I'm changing. I can feel it. My heart is, too.
Jonah is wrecking me and i haven't quite found the words to express how, yet.
I know I'm running, but I'm not sure if it's away from something, or to something bigger.
It's probably a combination of both. I am itching to do something meaningful. I have this passion in the pit of my stomach that i often mistake for anxiety. it's calling me to action but i'm not sure what kind.
and i want to be brave enough to answer the call.
I've been praying for someone or something to move me. To get under my skin enough for me to move. And i think Hosanna has been so powerful lately because
"heal my heart and make it clean, open up my eyes to the things unseen, show me how to love like you have loved me. break my heart for what breaks yours, everything i am for your kingdoms cause"
has never been more real to me. ever.
so...my heart is being broken, at the same time it's being healed.

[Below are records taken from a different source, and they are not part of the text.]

Lemma within_continuous_pair_cst (T1 T2 T3 : topologicalType) (D : set T1)
  (g : T1 -> T2) (c : T3) :
  {within D, continuous g} -> {within D, continuous (fun s => (g s, c))}.
Proof.
move=> cg; apply/subspace_continuousP => s Ds.
have FD : Filter (within D (nbhs s)) by exact: within_filter.
apply: (@cvg_pair _ _ _ _ (nbhs (g s)) (nbhs c) FD _ _ g (fun=> c)).
- exact: ((@subspace_continuousP _ D _ g).1 cg s Ds).
- exact: cvg_cst.
Qed.

Lemma within_continuous_cvg_seq (T1 T2 : topologicalType) (A : set T1)
  (h : T1 -> T2) (zs : nat -> T1) (z : T1) :
  {within A, continuous h} -> A z -> (forall j, A (zs j)) ->
  zs @ \oo --> z -> h \o zs @ \oo --> h z.
Proof.
move=> ch Az Azs zsz W hW.
have := (@subspace_continuousP _ A _ h).1 ch z Az W hW.
rewrite /= nbhs_simpl => hzW.
have : \forall j \near \oo, A (zs j) -> W (h (zs j)) :=
  zsz _ (hzW : nbhs z (fun y => A y -> W (h y))).
by apply: filterS => j; apply.
Qed.

Lemma closure_addl (K : numFieldType) (V : pseudoMetricNormedZmodType K)
  (A B : set V) (a v : V) :
  (forall q, A q -> B (a + q)) -> closure A v -> closure B (a + v).
Proof.
move=> AB Av W /nbhs_ballP[e e0 eW].
have [q [Aq vq]] := Av _ (@nbhsx_ballx _ _ v e e0).
exists (a + q); split; first exact: AB.
by apply: eW; move: vq; rewrite -!ball_normE /= opprD addrACA subrr add0r.
Qed.

Section control_measurability.
Variables (R : realType) (m : nat).
Implicit Types (D : set R) (U : set 'rV[R]_m) (w : R -> 'rV[R]_m).

Lemma measurable_fun_bigmaxr D (I : Type) (s : seq I) (F : I -> R -> R) :
  measurable D -> (forall i, measurable_fun D (F i)) ->
  measurable_fun D (fun r => \big[Num.max/0]_(i <- s) F i r).
Proof.
move=> mD mF; elim: s => [|i s IH].
  by under eq_fun do rewrite big_nil; exact: measurable_cst.
by under eq_fun do rewrite big_cons; exact: measurable_maxr.
Qed.

Lemma measurable_fun_norm_subr D w (c : 'rV[R]_m) : measurable D ->
  (forall k, measurable_fun D (fun s => w s ord0 k)) ->
  measurable_fun D (fun s => `|w s - c|).
Proof.
move=> mD mw.
have -> : (fun s => `|w s - c|) = (fun s =>
    \big[Num.max/0]_(ij : 'I_1 * 'I_m) `|w s ord0 ij.2 - c ord0 ij.2|).
  apply/funext => s; rewrite [LHS]mx_normrE; apply: eq_bigr => -[i j] _.
  by rewrite !mxE (ord1 i).
apply: measurable_fun_bigmaxr => // -[i j] /=.
by apply: measurableT_comp => //; exact: measurable_funB.
Qed.

Lemma compact_finite_net U (e : R) : compact U -> 0 < e ->
  exists cs : seq 'rV[R]_m, (forall c, c \in cs -> U c) /\
    forall v, U v -> exists2 c, c \in cs & `|v - c| < e.
Proof.
rewrite compact_cover => /(_ _ U (fun c => ball c e)) cU e0.
have [||D DU Ucov] := cU.
- by move=> c _; exact: ball_open.
- by move=> v Uv; exists v => //; exact: ballxx.
exists (finmap.enum_fset D); split.
  by move=> c /DU; rewrite inE.
move=> v /Ucov[c /= cD cv]; exists c => //.
by move: cv; rewrite -ball_normE /= distrC.
Qed.

Fixpoint net_pick (c0 : 'rV[R]_m) (e : R) (cs : seq 'rV[R]_m) (v : 'rV[R]_m) :=
  if cs is c :: cs' then (if `|v - c| < e then c else net_pick c0 e cs' v)
  else c0.

Lemma net_pick_in U c0 e cs v :
  U c0 -> (forall c, c \in cs -> U c) -> U (net_pick c0 e cs v).
Proof.
move=> Uc0; elim: cs => [|c cs IH] //= csU.
case: ifP => _; first by apply: csU; rewrite inE eqxx.
by apply: IH => d dcs; apply: csU; rewrite inE dcs orbT.
Qed.

Lemma net_pick_lt c0 e cs v :
  (exists2 c, c \in cs & `|v - c| < e) -> `|v - net_pick c0 e cs v| < e.
Proof.
elim: cs => [|c cs IH] /=; first by case.
case=> d; rewrite inE => /orP[/eqP -> vc|dcs vd]; first by rewrite vc.
by case: ifP => // _; apply: IH; exists d.
Qed.

Lemma measurable_fun_net_pick D U (G : R -> 'rV[R]_m -> R) w c0 e cs :
  measurable D -> (forall c, U c -> measurable_fun D (G ^~ c)) ->
  (forall k, measurable_fun D (fun s => w s ord0 k)) ->
  U c0 -> (forall c, c \in cs -> U c) ->
  measurable_fun D (fun s => G s (net_pick c0 e cs (w s))).
Proof.
move=> mD mG mw Uc0; elim: cs => [|c cs IH] csU /=; first exact: mG.
have -> : (fun s => G s (if `|w s - c| < e then c else net_pick c0 e cs (w s)))
    = (fun s => if `|w s - c| < e then G s c else G s (net_pick c0 e cs (w s))).
  by apply/funext => s; case: ifP.
apply: measurable_fun_if => //.
- by apply: measurable_fun_ltr => //; exact: measurable_fun_norm_subr.
- apply: (measurable_funS mD); first exact: subIsetl.
  by apply: mG; apply: csU; rewrite inE eqxx.
- apply: (measurable_funS mD); first exact: subIsetl.
  by apply: IH => d dcs; apply: csU; rewrite inE dcs orbT.
Qed.

Lemma cvg_net_pick c0 (cs : nat -> seq 'rV[R]_m) v :
  (forall j, exists2 c, c \in cs j & `|v - c| < j.+1%:R^-1) ->
  (fun j => net_pick c0 j.+1%:R^-1 (cs j) v) @ \oo --> v.
Proof.
move=> csv; apply/cvgrPdist_lt => e e0; near=> j.
move/lt_trans: (net_pick_lt c0 _ _ _ (csv j)); apply.
by near: j; exact: (@near_infty_natSinv_lt R (PosNum e0)).
Unshelve. all: by end_near.
Qed.

Lemma measurable_fun_comp_control (n : nat) U
  (H : 'rV[R]_n * 'rV[R]_m -> R) (a b : R) (X : R -> 'rV[R]_n) w :
  compact U -> {within [set z | U z.2], continuous H} ->
  {within `[a, b], continuous X} -> (forall s, a <= s <= b -> U (w s)) ->
  (forall k, measurable_fun `[a, b] (fun s => w s ord0 k)) ->
  measurable_fun `[a, b] (fun s => H (X s, w s)).
Proof.
move=> cU cH cX wU mw.
have mD : measurable `[a, b] by exact: measurable_itv.
have [ab|ba] := leP a b; last first.
  rewrite set_itv_ge; last by rewrite bnd_simp -ltNge.
  exact: measurable_fun_set0.
have Uwa : U (w a) by apply: wU; rewrite lexx ab.
have /choice[cs csP] : forall j : nat, exists cs : seq 'rV[R]_m,
    (forall c, c \in cs -> U c) /\
    forall v, U v -> exists2 c, c \in cs & `|v - c| < j.+1%:R^-1.
  by move=> j; apply: compact_finite_net; rewrite ?invr_gt0.
pose wj j s := net_pick (w a) j.+1%:R^-1 (cs j) (w s).
apply: (@measurable_fun_cvg _ _ R _ (fun j s => H (X s, wj j s))).
- move=> j; apply: (@measurable_fun_net_pick _ U (fun s c => H (X s, c))) => //.
  + move=> c Uc; apply: subspace_continuous_measurable_fun => //.
    apply: (@within_continuous_comp_within _ _ _ _ [set z | U z.2]) => //.
    exact: within_continuous_pair_cst.
  + exact: (csP j).1.
- move=> s abs.
  have Uws : U (w s) by apply: wU; move: abs; rewrite /= in_itv.
  apply: (@within_continuous_cvg_seq _ _ [set z | U z.2] H _ _ cH) => // [j|].
    by apply: net_pick_in => //; exact: (csP j).1.
  apply: (@cvg_pair _ _ _ _ (nbhs (X s)) (nbhs (w s)) _ _ _ (fun=> X s)).
    exact: cvg_cst.
  by apply: cvg_net_pick => j; apply: (csP j).2.
Qed.

Lemma integrable_comp_control (n : nat) U (H : 'rV[R]_n * 'rV[R]_m -> R)
  (M a b : R) (X : R -> 'rV[R]_n) w :
  compact U -> {within [set z | U z.2], continuous H} ->
  (forall z, U z.2 -> `|H z| <= M) ->
  {within `[a, b], continuous X} -> (forall s, a <= s <= b -> U (w s)) ->
  (forall k, measurable_fun `[a, b] (fun s => w s ord0 k)) ->
  lebesgue_measure.-integrable `[a, b] (EFin \o (fun s => H (X s, w s))).
Proof.
move=> cU cH HM cX wU mw; apply: measurable_bounded_integrable.
- exact: measurable_itv.
- have /= -> := lebesgue_measure_itv `[a, b].
  by case: ifP => _ //; exact: ltry.
- exact: measurable_fun_comp_control cU cH cX wU mw.
- exists M; split; first by rewrite num_real.
  move=> y My s; rewrite /= in_itv => /wU Uws.
  exact: le_trans (HM (X s, w s) Uws) (ltW My).
Qed.

End control_measurability.

Section spliced_integrals.
Variable R : realType.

and surrendering to that kind of heart breaking power is scary, and i have to light my house on fire and burn it to the ground and let Jesus rebuild it his way.
and that's real scary. But i think i'm ready.
i have nothing to lose and everything to gain. so game on. let's love like Jesus and let's see where it takes us.
Today as i lead community prayer, as i stood in front of the people who have loved me the last four years, as i tried to not completely come unglued, i felt the spirit move in a way i haven't in a long time. but i'm not sure it had anything to do with the space, or people.
I'm giving my heart back. kind of. actually i don't even know what that means...but it makes sense in my head.
anyway with all this emotion swirling around, my head steps in and is like.....no. you gotta be smarter. you gotta protect your heart better. you can't go all in again, looks what it's done to you.
But all in is the only way i know how to do anything.
And I would argue, that "what its done" has made me a better person...maybe...the jury is still out on that, you'd have to ask my people, and i'm sure you'd get mixed review.
i'm probably working at a C+....i have a ways to go.
i am just convinced that life doesn't mean to break your heart....or maybe that's the point.